**Try it**
Take from the records below each line that holds "Require".
Supplied material Start Marker
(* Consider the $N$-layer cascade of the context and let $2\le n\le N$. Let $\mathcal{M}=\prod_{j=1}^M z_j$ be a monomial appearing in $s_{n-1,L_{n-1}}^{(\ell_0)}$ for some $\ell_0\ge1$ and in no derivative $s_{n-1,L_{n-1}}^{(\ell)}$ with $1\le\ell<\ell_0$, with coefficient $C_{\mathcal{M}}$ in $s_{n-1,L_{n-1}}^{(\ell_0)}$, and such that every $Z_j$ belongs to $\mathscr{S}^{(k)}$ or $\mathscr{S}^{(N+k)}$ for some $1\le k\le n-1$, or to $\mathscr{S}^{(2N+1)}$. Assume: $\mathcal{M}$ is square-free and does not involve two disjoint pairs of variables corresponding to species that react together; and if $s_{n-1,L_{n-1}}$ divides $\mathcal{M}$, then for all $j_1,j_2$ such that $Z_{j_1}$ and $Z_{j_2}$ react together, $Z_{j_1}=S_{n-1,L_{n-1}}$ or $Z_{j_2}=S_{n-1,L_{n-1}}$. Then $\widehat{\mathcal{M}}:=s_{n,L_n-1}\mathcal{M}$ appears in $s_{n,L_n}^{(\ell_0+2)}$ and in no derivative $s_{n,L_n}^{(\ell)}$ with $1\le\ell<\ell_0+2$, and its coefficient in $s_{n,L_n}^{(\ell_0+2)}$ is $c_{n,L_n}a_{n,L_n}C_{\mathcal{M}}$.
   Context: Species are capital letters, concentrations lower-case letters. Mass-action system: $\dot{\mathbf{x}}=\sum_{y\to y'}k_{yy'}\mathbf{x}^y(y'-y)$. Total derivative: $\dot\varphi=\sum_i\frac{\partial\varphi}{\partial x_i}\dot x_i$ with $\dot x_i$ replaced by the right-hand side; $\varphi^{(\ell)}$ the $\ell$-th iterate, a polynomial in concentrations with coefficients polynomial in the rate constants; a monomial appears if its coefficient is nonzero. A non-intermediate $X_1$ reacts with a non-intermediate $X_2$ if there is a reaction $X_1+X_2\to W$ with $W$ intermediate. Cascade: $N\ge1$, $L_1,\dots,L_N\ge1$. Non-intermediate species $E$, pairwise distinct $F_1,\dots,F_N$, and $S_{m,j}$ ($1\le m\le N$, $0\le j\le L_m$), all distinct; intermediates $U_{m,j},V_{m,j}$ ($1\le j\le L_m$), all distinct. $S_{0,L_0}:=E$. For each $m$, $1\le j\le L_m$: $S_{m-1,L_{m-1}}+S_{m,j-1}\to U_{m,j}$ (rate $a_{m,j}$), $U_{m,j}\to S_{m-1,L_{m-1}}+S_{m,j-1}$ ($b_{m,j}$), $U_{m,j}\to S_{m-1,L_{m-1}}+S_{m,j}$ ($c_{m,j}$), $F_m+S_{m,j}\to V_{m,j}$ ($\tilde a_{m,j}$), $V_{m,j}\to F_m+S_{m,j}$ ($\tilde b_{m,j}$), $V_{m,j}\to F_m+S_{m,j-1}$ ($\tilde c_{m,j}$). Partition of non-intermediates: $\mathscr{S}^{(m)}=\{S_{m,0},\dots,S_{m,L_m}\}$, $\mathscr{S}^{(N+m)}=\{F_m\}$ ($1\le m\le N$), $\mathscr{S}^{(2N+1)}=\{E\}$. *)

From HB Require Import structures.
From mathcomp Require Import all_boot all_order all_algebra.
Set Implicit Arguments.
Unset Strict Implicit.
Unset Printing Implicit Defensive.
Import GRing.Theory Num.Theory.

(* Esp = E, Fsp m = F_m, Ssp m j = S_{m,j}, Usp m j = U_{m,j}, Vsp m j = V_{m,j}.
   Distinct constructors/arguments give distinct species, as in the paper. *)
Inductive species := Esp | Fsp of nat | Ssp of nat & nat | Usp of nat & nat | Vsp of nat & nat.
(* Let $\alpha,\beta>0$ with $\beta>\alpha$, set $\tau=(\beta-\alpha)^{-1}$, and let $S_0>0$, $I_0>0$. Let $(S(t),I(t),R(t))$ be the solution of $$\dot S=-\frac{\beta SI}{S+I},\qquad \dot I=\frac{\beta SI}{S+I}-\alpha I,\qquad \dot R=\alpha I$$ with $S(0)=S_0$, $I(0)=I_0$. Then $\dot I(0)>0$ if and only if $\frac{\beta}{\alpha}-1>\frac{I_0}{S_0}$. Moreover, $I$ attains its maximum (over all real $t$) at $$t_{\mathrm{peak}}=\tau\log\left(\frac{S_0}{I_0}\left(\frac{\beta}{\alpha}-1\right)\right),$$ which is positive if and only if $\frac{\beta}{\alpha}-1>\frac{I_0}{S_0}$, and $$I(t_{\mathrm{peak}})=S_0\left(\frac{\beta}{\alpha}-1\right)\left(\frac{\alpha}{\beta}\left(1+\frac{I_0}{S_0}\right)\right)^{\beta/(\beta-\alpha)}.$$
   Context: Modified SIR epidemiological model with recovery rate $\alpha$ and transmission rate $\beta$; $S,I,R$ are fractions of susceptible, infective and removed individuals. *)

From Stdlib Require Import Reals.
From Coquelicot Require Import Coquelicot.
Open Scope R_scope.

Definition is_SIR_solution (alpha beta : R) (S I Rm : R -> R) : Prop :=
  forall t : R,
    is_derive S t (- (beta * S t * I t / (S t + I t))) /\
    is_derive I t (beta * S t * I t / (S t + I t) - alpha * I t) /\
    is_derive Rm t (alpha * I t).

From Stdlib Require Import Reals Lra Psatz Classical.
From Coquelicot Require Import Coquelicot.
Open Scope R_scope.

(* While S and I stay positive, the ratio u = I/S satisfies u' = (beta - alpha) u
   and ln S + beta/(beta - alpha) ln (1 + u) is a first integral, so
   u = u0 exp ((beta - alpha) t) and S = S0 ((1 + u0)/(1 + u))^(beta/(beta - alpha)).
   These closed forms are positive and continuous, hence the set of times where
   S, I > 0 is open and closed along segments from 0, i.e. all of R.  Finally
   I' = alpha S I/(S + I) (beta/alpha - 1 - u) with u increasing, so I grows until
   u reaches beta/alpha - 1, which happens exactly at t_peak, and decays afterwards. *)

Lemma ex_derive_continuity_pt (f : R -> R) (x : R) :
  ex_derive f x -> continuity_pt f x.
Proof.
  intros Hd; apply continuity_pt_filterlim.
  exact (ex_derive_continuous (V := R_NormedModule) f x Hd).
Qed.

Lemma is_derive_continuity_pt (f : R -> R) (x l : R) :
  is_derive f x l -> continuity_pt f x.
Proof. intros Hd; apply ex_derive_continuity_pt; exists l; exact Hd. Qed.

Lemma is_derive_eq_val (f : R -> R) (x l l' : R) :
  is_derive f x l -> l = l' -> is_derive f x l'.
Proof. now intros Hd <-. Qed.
Supplied material End Marker
**Answer box**
From HB Require Import structures.
From mathcomp Require Import all_boot all_order all_algebra.
From Stdlib Require Import Reals.
From Coquelicot Require Import Coquelicot.
From Stdlib Require Import Reals Lra Psatz Classical.
From Coquelicot Require Import Coquelicot.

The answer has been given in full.